[Saved data entries]:

********

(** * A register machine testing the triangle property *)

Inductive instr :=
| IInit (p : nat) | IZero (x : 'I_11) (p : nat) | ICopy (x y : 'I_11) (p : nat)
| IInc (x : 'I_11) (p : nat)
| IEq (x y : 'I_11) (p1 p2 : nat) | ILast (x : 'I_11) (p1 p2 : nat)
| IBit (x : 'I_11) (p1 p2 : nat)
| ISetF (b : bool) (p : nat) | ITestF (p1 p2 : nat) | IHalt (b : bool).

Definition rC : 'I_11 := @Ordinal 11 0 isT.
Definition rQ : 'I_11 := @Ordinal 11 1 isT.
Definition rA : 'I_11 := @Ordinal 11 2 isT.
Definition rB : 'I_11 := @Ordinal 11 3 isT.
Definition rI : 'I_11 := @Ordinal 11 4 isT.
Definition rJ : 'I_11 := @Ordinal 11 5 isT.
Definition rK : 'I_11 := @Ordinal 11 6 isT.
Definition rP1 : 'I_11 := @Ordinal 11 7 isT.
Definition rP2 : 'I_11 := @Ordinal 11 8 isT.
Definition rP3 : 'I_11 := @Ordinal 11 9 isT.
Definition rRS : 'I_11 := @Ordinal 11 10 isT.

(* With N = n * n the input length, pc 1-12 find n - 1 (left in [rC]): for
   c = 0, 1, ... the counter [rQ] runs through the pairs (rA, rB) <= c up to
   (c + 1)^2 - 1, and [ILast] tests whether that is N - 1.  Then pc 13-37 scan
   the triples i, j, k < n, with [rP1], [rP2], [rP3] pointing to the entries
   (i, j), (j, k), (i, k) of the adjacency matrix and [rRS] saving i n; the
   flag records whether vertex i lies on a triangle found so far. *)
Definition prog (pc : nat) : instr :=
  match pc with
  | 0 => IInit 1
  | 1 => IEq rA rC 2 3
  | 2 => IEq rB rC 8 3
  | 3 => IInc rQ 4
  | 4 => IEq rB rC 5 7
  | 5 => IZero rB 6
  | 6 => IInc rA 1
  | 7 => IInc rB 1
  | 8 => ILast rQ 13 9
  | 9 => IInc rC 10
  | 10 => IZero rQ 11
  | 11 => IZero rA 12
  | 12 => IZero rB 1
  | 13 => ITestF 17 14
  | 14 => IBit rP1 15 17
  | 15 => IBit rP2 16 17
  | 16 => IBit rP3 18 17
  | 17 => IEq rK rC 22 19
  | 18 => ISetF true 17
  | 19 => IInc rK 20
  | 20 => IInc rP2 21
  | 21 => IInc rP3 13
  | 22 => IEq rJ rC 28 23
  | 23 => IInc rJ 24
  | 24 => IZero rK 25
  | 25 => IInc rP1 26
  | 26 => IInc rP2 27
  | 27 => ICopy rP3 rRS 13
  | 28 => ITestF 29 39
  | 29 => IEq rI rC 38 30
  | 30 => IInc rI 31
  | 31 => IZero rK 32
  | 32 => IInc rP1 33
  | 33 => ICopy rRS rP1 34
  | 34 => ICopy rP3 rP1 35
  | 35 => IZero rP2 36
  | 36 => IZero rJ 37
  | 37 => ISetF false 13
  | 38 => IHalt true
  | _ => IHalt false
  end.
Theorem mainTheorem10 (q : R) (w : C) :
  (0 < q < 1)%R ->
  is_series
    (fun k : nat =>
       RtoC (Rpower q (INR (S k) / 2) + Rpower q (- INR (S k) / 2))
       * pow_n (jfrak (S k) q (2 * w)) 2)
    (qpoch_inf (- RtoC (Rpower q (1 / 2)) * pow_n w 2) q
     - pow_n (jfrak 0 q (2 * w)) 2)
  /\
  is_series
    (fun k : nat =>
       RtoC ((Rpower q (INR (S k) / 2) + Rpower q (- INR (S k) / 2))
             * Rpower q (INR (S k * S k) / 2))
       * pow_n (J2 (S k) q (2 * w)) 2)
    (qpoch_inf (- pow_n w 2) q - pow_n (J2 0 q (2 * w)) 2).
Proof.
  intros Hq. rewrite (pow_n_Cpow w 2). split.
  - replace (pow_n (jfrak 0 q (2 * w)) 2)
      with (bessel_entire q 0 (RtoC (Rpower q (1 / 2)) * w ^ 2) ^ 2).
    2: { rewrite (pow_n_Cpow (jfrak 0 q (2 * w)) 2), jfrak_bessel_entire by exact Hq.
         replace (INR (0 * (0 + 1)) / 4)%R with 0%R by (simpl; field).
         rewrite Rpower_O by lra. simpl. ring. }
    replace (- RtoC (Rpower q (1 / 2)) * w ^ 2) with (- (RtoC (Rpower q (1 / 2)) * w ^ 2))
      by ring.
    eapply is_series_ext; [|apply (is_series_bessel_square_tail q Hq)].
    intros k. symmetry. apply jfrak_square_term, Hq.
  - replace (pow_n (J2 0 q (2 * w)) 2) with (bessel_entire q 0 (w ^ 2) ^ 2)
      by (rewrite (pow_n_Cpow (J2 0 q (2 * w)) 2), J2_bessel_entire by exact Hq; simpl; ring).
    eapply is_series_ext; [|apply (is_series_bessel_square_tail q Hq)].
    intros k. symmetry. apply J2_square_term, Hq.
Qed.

********

Search the entries for the word "replace". Copy each line where it appears.

[Answer space]:
  - replace (pow_n (jfrak 0 q (2 * w)) 2)
         replace (INR (0 * (0 + 1)) / 4)%R with 0%R by (simpl; field).
    replace (- RtoC (Rpower q (1 / 2)) * w ^ 2) with (- (RtoC (Rpower q (1 / 2)) * w ^ 2))
  - replace (pow_n (J2 0 q (2 * w)) 2) with (bessel_entire q 0 (w ^ 2) ^ 2)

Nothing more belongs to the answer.